## WORK REQUIRED
Scan the entries below for the string "cross" and copy every line where it turns up.

-*-

Lemma reflection_commute_sqr : P *m (A *m A) = A *m A *m P.
Proof.
have xPAP X : X *m P *m A *m P = 0 by rewrite -!mulmxA [P *m _]mulmxA PAP0 mulmx0.
have xQAQ X : X *m Q *m A *m Q = 0 by rewrite -!mulmxA [Q *m _]mulmxA QAQ0 mulmx0.
transitivity (P *m A *m Q *m A *m P).
  transitivity (P *m A *m (P + Q) *m A *m (P + Q)).
    by rewrite PQ1 mulmx1 mulmx1 mulmxA.
  by rewrite !(mulmxDr, mulmxDl) PAP0 !mul0mx !xQAQ !add0r addr0.
transitivity ((P + Q) *m A *m (P + Q) *m A *m P); last by rewrite PQ1 mul1mx mulmx1.
by rewrite !(mulmxDr, mulmxDl) !xPAP QAQ0 !mul0mx !add0r addr0.
Qed.
End Reflection.

Section EigenIdempotents.
Variables (F : fieldType) (n : nat) (I : finType).
Variables (A : 'M[F]_n) (E : I -> 'M[F]_n) (th : I -> F).
Hypotheses (th_inj : injective th) (E_sum : \sum_i E i = 1%:M).
Hypothesis E_orth : forall i j, E i *m E j = if i == j then E i else 0.
Hypothesis AE : forall i, A *m E i = th i *: E i.

Lemma eigen_idem_expansion : A = \sum_i th i *: E i.
Proof.
by rewrite -[A]mulmx1 -E_sum mulmx_sumr; apply: eq_bigr => i _; apply: AE.
Qed.

Lemma eigen_idem_mulmx j : E j *m A = th j *: E j.
Proof. by rewrite {1}eigen_idem_expansion mulmx_orth_combr. Qed.

Lemma eigen_idem_mulmx_eigen0 j (Y : 'M_n) mu :
  A *m Y = mu *: Y -> th j != mu -> E j *m Y = 0.
Proof.
move=> AY ne_mu; have : (th j - mu) *: (E j *m Y) = 0.
  by rewrite scalerBl scalemxAl -eigen_idem_mulmx -mulmxA AY -scalemxAr subrr.
by move/eqP; rewrite scaler_eq0 subr_eq0 (negbTE ne_mu) => /eqP.
Qed.

Lemma commute_eigen_idem (X : 'M_n) : A *m X = X *m A -> forall k, X *m E k = E k *m X.
Proof.
move=> AX k.
have XE0 i j : i != j -> E i *m (X *m E j) = 0.
  move=> ne_ij; apply: (@eigen_idem_mulmx_eigen0 i _ (th j)).
    by rewrite mulmxA AX -mulmxA AE scalemxAr.
  by rewrite (inj_eq th_inj).
transitivity (E k *m X *m E k).
  rewrite -[X *m E k]mul1mx -E_sum mulmx_suml (bigD1 k) //= big1 ?addr0 ?mulmxA //.
  by move=> i; apply: XE0.
rewrite -[RHS]mulmx1 -E_sum mulmx_sumr (bigD1 k) //= big1 ?addr0 //.
by move=> j ne_jk; rewrite -mulmxA XE0 // eq_sym.
Qed.

Lemma eigen_idems_unique (G : I -> 'M_n) (mu : I -> F) :
  injective mu -> \sum_k G k = 1%:M -> (forall k, G k != 0) ->
  (forall k, A *m G k = mu k *: G k) ->
  exists s : I -> I, forall k, th (s k) = mu k /\ G k = E (s k).
Proof.
move=> mu_inj G_sum G_nz AG.
suff /fin_all_exists : forall k, exists j, th j = mu k /\ G k = E j by [].
move=> k.
have EG0 j l : th j != mu l -> E j *m G l = 0.
  by move=> ne_jl; apply: eigen_idem_mulmx_eigen0.
have [j /eqP th_j | no_j] := pickP (fun j => th j == mu k); last first.
  case/negP: (G_nz k); rewrite -[G k]mul1mx -E_sum mulmx_suml big1 //.
  by move=> j _; apply: EG0; rewrite no_j.
exists j; split=> //.
transitivity (E j *m G k).
  rewrite -[LHS]mul1mx -E_sum mulmx_suml (bigD1 j) //= big1 ?addr0 //.
  by move=> i ne_ij; apply: EG0; rewrite -th_j (inj_eq th_inj).
rewrite -[RHS]mulmx1 -G_sum mulmx_sumr (bigD1 k) //= big1 ?addr0 //.
by move=> l ne_lk; apply: EG0; rewrite th_j (inj_eq mu_inj) eq_sym.
Qed.

Lemma eigenvalue0_of_commute_split (P Q : 'M_n) k :
  P + Q = 1%:M -> P *m Q = 0 -> Q *m P = 0 ->
  P *m A *m P = 0 -> Q *m A *m Q = 0 -> P *m E k = E k *m P -> E k != 0 ->
  th k = 0.
Proof.
move=> PQ1 PQ0 QP0 PAP0 QAQ0 PE E_nz.
have QE : Q *m E k = E k *m Q.
  have -> : Q = 1%:M - P by rewrite -PQ1 addrC addKr.
  by rewrite mulmxBl mulmxBr mul1mx mulmx1 PE.
have block0 X : X *m A *m X = 0 -> X *m E k = E k *m X -> th k *: (X *m E k *m X) = 0.
  move=> XAX XE; rewrite scalemxAl scalemxAr -AE.
  by rewrite mulmxA -[_ *m A *m _ *m X]mulmxA -XE mulmxA XAX mul0mx.
have E_split : E k = P *m E k *m P + Q *m E k *m Q.
  transitivity ((P + Q) *m E k *m (P + Q)); first by rewrite PQ1 mul1mx mulmx1.
  have cross (X Y : 'M_n) : X *m E k = E k *m X -> X *m Y = 0 -> X *m E k *m Y = 0.
    by move=> XE XY; rewrite XE -mulmxA XY mulmx0.
  by rewrite !(mulmxDl, mulmxDr) (cross Q P) ?(cross P Q) // addr0 add0r.
have : th k *: E k = 0 by rewrite E_split scalerDr !block0 ?addr0.
by move/eqP; rewrite scaler_eq0 (negbTE E_nz) orbF => /eqP.
Qed.

End EigenIdempotents.

Section ReflectedLeonardPair.
Variables (F : fieldType) (d : nat) (E : 'I_d.+1 -> 'M[F]_d.+1) (th : 'I_d.+1 -> F).
Variables (A As D : 'M[F]_d.+1).
Hypotheses (th_inj : injective th) (E_sum : \sum_i E i = 1%:M).
Hypothesis E_orth : forall i j, E i *m E j = if i == j then E i else 0.
Hypotheses (AE : forall i, A *m E i = th i *: E i) (E_nz : forall i, E i != 0).
Hypothesis As_far : forall i j, far i j -> E i *m As *m E j = 0.
Hypothesis As_adj : forall i j, adj i j -> E i *m As *m E j != 0.
Hypotheses (DD1 : D *m D = 1%:M) (DAD : D *m A *m D = - A) (DAsD : D *m As *m D = As).

Lemma reflection_path_automorphism :
  exists s, [/\ injective s, {homo s : i j / adj i j} & forall k, th (s k) = - th k].
Proof.
pose G k := D *m E k *m D.
have conjK X : D *m (D *m X *m D) *m D = X.
  by rewrite !mulmxA DD1 mul1mx -mulmxA DD1 mulmx1.
have AD : A *m D = - (D *m A).
  by rewrite -[A *m D]mul1mx -DD1 -mulmxA [D *m (A *m D)]mulmxA DAD mulmxN.
have AG k : A *m G k = - th k *: G k.
  by rewrite /G !mulmxA AD !mulNmx -(mulmxA D A) AE -scalemxAr -scalemxAl scaleNr.
have G_sum : \sum_k G k = 1%:M by rewrite -mulmx_suml -mulmx_sumr E_sum mulmx1 DD1.
have G_nz k : G k != 0.
  by apply: contraNneq (E_nz k) => G0; rewrite -(conjK (E k)) -/(G k) G0 mulmx0 mul0mx.
have oppth_inj : injective (fun k => - th k) by move=> a b /oppr_inj /th_inj.
have [s sP] := eigen_idems_unique th_inj E_sum E_orth AE oppth_inj G_sum G_nz AG.
have s_inj : injective s.
  by move=> a b /(congr1 th); rewrite (sP a).1 (sP b).1 => /oppth_inj.
exists s; split=> // [a b adj_ab | k]; last by case: (sP k).
apply: adj_of_not_far; last by rewrite (inj_eq s_inj) adj_neq.
apply: contra (As_adj adj_ab) => /As_far; rewrite -(sP a).2 -(sP b).2 /G.
have -> : D *m E a *m D *m As *m (D *m E b *m D) = D *m (E a *m As *m E b) *m D.
  have DDK X : X *m D *m D = X by rewrite -mulmxA DD1 mulmx1.
  by rewrite -{1}DAsD !mulmxA !DDK.
by move=> conj0; rewrite -[E a *m As *m E b]conjK conj0 mulmx0 mul0mx.
Qed.

End ReflectedLeonardPair.

Lemma char2_offdiag_eigenvalues0 (F : fieldType) n (I : finType)
    (A P Q : 'M[F]_n) (E : I -> 'M[F]_n) (th : I -> F) :
  2 = 0 :> F -> injective th -> \sum_i E i = 1%:M ->
  (forall i j, E i *m E j = if i == j then E i else 0) ->
  (forall i, A *m E i = th i *: E i) -> (forall i, E i != 0) ->
  P + Q = 1%:M -> P *m Q = 0 -> Q *m P = 0 ->
  P *m A *m P = 0 -> Q *m A *m Q = 0 -> forall k, th k = 0.
Proof.
move=> two0 th_inj E_sum E_orth AE E_nz PQ1 PQ0 QP0 PAP0 QAQ0 k.
apply: (eigenvalue0_of_commute_split AE PQ1) => //.
have AAE i : A *m A *m E i = th i ^+ 2 *: E i.
  by rewrite -mulmxA AE -scalemxAr AE scalerA expr2.
have th2_inj : injective (fun i => th i ^+ 2).
  by move=> i j /(expr2_inj_char2 two0) /th_inj.
apply: (commute_eigen_idem th2_inj E_sum E_orth AAE).
by rewrite (reflection_commute_sqr PQ1 PAP0 QAQ0).
Qed.

Section ParitySplit.
Variables (F : fieldType) (d : nat) (Es : 'I_d.+1 -> 'M[F]_d.+1).
Hypothesis Es_orth : forall i j, Es i *m Es j = if i == j then Es i else 0.

Definition parity_part (b : bool) := \sum_(k < d.+1) (odd k == b)%:R *: Es k.

Lemma parity_part_sum : \sum_k Es k = 1%:M ->
  parity_part false + parity_part true = 1%:M.
Proof.
move=> <-; rewrite -big_split /=; apply: eq_bigr => k _.
by rewrite -scalerDl; case: odd; rewrite /= ?add0r ?addr0 scale1r.
Qed.

Lemma parity_part_mul b c :
  parity_part b *m parity_part c = if b == c then parity_part b else 0.
Proof.
rewrite mulmx_orth_comb //; case: eqP => [<- | /eqP ne_bc].
  by apply: eq_bigr => k _; case: eqP; rewrite ?mulr1 ?mulr0.
rewrite big1 // => k _; case: eqP => [odd_k | _]; last by rewrite mul0r scale0r.
by rewrite odd_k (negbTE ne_bc) mulr0 scale0r.
Qed.

Lemma parity_part_commute b (c : 'I_d.+1 -> F) :
  parity_part b *m (\sum_k c k *: Es k) = (\sum_k c k *: Es k) *m parity_part b.
Proof. by rewrite !mulmx_orth_comb //; apply: eq_bigr => k _; rewrite mulrC. Qed.

Lemma parity_part_block0 (A : 'M[F]_d.+1) :
  (forall i, \rank (Es i) = 1%N) -> (forall i j, far i j -> Es i *m A *m Es j = 0) ->
  (forall i, \tr (Es i *m A) = 0) ->
  forall b, parity_part b *m A *m parity_part b = 0.
Proof.
move=> Es_rk1 A_far A_bip b; rewrite !mulmx_suml big1 // => k _.
rewrite mulmx_sumr big1 // => l _; rewrite -scalemxAl -!scalemxAr -scalemxAl scalerA.
have [<- | ne_kl] := eqVneq k l.
  by rewrite rank1_sandwich // A_bip !scale0r scaler0.
have [/eqP kb | _] := boolP (odd k == b); last by rewrite mulr0 scale0r.
have [/eqP lb | _] := boolP (odd l == b); last by rewrite mul0r scale0r.
by rewrite A_far ?scaler0 // far_same_parity // kb lb.
Qed.

Definition parity_reflection := parity_part false - parity_part true.

Lemma parity_reflection_sqr :
  \sum_k Es k = 1%:M -> parity_reflection *m parity_reflection = 1%:M.
Proof.
move=> /parity_part_sum <-.
by rewrite mulmxBl !mulmxBr !parity_part_mul /= subr0 sub0r opprK.
Qed.

Lemma parity_reflection_conj_comb (c : 'I_d.+1 -> F) : \sum_k Es k = 1%:M ->
  parity_reflection *m (\sum_k c k *: Es k) *m parity_reflection = \sum_k c k *: Es k.
Proof.
move=> Es_sum; rewrite mulmxBl !parity_part_commute -mulmxBr -mulmxA.
by rewrite parity_reflection_sqr // mulmx1.
Qed.

End ParitySplit.

Theorem corollary11p3 (F : fieldType) (d : nat) (hd : (1 <= d)%N)
  (Es : 'I_(d.+1) -> 'M[F]_(d.+1)) (A : 'M[F]_(d.+1))
  (E : 'I_(d.+1) -> 'M[F]_(d.+1)) (th ths : 'I_(d.+1) -> F) :
  orth_idem_system Es ->
  tridiag Es A ->
  mult_free A ->
  bipartite Es A ->
  prim_idems A E th ->
  leonard_system A E (\sum_i ths i *: Es i) Es ->
  forall i : 'I_(d.+1), th i = 0 <-> (~~ odd d /\ (i : nat) = d./2).
Proof.
move=> [Es_orth Es_rk1] [A_far _] _ A_bip [th_inj E_orth E_sum AE E_nz].
move=> [_ _ [? [_ _ Es_sum _ _]] _ [As_far As_adj]].
have PQ1 := parity_part_sum Es_sum.
have P_mul := parity_part_mul Es_orth.
have PAP0 := parity_part_block0 Es_rk1 A_far A_bip.
have th_not0 : ~ (forall k, th k = 0).
  move=> th0; have /th_inj/(congr1 val)/= : th ord0 = th ord_max by rewrite !th0.
  lia.
have [two0 | two_nz] := eqVneq (2 : F) 0.
  case: th_not0; apply: (char2_offdiag_eigenvalues0 two0 th_inj E_sum E_orth AE E_nz PQ1
    (P_mul false true) (P_mul true false) (PAP0 false) (PAP0 true)).
have [s [s_inj s_adj s_th]] := reflection_path_automorphism th_inj E_sum E_orth AE E_nz
  As_far As_adj (parity_reflection_sqr Es_orth Es_sum)
  (reflection_conj_opp PQ1 (PAP0 false) (PAP0 true))
  (parity_reflection_conj_comb Es_orth ths Es_sum).
have th0_fixed k : th k = 0 <-> s k = k.
  split=> [th0 | s_k]; first by apply: th_inj; rewrite s_th th0 oppr0.
  by apply/eqP; rewrite -eqr_oppr_eq0 // -s_th s_k.
case: (path_automorphism hd s_inj s_adj) => [s_id | s_rev].
  by case: th_not0 => k; apply/th0_fixed/s_id.
by move=> i; rewrite th0_fixed s_rev rev_ord_fixed.
Qed.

-*-

## ANSWER TO THE EXERCISE
  have cross (X Y : 'M_n) : X *m E k = E k *m X -> X *m Y = 0 -> X *m E k *m Y = 0.
  by rewrite !(mulmxDl, mulmxDr) (cross Q P) ?(cross P Q) // addr0 add0r.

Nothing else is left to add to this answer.